**Exercise instructions:** Across the entries, how many lines have the string "match" in them? Reply with only a number.

**Entries taken from a collection:**
★ ★ ★
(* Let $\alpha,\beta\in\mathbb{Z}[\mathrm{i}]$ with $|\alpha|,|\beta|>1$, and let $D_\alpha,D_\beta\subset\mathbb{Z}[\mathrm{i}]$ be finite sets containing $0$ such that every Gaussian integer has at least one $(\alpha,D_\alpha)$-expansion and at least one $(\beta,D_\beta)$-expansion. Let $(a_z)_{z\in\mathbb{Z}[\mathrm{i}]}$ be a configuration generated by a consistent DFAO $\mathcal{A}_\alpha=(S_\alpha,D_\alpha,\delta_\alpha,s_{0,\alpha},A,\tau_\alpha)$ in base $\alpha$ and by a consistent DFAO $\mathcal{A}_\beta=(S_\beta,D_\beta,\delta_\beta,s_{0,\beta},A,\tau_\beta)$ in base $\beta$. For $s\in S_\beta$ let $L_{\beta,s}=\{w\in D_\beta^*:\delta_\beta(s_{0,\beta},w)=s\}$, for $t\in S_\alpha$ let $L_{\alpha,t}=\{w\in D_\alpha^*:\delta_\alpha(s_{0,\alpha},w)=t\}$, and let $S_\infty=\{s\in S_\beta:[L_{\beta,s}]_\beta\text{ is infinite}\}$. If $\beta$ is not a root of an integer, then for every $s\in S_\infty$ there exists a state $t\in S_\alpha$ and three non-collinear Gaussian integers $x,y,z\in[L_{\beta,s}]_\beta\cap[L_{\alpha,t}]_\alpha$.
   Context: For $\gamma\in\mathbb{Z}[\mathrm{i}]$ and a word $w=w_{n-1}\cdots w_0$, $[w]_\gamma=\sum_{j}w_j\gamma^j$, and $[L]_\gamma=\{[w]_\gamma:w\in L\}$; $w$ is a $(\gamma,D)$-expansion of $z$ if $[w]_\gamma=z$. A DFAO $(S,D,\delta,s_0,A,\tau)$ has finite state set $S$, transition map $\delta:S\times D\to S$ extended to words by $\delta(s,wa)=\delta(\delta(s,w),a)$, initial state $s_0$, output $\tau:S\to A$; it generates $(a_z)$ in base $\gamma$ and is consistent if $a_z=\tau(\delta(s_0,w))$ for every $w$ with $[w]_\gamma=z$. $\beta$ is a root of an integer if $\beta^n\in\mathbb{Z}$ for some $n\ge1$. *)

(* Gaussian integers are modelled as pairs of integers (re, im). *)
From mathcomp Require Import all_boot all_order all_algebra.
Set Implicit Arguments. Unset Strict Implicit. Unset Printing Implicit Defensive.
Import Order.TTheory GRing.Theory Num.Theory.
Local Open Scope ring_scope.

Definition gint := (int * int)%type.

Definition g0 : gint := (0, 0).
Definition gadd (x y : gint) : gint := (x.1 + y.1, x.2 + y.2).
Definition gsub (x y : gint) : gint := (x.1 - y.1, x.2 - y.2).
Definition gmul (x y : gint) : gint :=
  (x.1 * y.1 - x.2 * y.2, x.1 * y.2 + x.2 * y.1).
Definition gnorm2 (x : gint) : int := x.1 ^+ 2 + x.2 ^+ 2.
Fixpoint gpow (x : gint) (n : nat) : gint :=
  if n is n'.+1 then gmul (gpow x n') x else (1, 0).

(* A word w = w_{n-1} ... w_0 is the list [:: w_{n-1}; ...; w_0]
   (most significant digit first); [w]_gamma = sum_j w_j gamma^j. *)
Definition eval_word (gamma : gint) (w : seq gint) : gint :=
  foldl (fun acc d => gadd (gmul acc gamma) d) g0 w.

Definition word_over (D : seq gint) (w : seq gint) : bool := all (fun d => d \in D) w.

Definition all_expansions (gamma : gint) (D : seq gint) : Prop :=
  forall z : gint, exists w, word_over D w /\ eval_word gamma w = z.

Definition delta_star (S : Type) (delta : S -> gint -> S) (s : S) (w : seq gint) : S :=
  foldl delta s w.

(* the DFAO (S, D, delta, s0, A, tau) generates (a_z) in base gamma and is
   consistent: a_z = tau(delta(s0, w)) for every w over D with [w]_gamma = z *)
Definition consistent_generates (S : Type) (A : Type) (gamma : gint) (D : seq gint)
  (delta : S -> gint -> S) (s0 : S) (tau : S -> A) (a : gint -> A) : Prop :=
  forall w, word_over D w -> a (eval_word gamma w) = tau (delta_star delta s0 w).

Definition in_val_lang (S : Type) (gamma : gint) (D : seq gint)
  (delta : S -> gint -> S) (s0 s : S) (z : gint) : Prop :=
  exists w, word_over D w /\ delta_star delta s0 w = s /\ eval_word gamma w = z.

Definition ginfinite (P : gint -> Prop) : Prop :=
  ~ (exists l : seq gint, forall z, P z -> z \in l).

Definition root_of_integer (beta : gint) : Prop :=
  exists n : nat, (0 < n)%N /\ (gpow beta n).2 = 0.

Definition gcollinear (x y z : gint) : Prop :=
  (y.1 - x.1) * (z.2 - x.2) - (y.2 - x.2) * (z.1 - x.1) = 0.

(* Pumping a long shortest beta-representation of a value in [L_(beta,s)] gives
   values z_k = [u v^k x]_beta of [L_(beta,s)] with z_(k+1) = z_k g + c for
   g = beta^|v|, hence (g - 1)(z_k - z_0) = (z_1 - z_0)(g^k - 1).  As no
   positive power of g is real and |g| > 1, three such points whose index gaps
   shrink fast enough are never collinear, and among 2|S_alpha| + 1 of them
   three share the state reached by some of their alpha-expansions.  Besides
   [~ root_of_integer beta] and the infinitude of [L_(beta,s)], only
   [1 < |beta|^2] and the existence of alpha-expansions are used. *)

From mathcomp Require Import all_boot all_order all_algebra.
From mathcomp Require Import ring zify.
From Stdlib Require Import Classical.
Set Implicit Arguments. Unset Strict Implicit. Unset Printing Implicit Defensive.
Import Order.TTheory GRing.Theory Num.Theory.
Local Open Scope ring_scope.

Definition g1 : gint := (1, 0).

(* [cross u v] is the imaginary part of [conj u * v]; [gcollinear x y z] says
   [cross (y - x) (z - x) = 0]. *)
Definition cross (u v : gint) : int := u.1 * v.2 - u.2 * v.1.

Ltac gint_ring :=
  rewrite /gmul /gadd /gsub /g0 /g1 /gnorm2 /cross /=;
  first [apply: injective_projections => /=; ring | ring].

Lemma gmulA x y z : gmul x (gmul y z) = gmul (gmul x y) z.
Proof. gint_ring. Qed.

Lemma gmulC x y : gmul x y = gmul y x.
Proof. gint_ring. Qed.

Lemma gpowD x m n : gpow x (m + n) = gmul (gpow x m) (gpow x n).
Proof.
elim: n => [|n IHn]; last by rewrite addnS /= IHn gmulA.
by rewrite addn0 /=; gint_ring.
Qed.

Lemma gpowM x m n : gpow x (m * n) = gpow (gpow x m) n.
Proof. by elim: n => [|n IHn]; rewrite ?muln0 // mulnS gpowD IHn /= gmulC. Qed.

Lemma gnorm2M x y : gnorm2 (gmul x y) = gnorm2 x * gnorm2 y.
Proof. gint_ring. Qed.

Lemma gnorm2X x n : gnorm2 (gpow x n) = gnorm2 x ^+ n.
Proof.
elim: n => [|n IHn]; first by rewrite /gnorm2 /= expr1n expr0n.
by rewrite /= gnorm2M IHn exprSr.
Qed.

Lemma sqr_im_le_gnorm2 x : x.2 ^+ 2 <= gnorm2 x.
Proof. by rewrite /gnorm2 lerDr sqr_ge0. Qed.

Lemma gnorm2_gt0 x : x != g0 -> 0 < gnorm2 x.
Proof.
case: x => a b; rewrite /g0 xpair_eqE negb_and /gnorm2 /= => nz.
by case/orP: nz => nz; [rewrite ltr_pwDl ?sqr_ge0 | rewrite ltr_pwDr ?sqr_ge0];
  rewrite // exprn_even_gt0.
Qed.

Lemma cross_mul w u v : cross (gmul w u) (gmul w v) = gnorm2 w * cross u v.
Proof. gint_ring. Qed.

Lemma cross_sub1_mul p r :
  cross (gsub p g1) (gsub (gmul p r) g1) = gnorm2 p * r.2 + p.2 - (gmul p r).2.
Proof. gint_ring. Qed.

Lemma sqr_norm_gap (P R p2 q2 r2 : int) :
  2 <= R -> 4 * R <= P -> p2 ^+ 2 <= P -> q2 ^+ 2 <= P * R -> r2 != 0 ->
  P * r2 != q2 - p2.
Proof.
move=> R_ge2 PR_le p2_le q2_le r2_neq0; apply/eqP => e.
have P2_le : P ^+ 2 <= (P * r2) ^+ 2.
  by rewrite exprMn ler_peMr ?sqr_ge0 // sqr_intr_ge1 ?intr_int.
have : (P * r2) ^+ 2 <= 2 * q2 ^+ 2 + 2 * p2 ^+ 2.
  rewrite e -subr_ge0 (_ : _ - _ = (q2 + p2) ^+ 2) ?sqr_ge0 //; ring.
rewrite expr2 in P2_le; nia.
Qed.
★ ★ ★
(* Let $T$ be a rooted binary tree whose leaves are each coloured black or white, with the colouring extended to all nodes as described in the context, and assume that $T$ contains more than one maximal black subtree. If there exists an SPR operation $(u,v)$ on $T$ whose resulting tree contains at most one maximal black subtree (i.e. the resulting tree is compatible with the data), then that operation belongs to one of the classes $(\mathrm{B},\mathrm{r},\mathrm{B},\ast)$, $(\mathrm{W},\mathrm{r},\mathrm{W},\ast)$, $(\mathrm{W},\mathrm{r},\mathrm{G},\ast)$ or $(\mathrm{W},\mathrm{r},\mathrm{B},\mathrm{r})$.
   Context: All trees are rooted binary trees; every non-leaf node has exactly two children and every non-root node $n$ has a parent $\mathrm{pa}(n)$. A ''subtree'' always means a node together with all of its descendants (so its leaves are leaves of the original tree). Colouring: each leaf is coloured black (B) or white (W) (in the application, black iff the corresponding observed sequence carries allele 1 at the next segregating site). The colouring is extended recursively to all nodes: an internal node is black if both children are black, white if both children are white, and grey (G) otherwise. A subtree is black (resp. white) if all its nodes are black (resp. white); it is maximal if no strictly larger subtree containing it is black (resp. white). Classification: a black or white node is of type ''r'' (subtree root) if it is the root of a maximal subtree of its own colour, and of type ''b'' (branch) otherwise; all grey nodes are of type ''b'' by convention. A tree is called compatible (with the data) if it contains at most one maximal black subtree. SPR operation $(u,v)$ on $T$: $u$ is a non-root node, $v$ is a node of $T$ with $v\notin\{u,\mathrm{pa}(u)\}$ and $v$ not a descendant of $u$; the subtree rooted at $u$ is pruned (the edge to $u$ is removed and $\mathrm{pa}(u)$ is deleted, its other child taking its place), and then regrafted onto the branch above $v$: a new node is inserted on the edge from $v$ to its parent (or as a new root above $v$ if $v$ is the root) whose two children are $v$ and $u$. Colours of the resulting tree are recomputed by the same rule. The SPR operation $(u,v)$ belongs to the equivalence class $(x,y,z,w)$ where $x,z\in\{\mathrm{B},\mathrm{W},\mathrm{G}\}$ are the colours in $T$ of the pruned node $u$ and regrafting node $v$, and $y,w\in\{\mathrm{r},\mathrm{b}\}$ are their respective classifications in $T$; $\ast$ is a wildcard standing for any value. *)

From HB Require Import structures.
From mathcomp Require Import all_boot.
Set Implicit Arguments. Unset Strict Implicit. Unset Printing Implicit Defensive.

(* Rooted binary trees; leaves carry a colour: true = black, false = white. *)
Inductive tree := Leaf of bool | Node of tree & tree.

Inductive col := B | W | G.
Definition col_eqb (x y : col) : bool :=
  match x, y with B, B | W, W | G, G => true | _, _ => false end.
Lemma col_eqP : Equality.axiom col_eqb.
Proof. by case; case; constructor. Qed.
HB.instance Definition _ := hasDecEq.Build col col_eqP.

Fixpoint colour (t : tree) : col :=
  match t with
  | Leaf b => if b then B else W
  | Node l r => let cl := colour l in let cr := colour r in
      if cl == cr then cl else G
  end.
★ ★ ★
**Written answer:** 2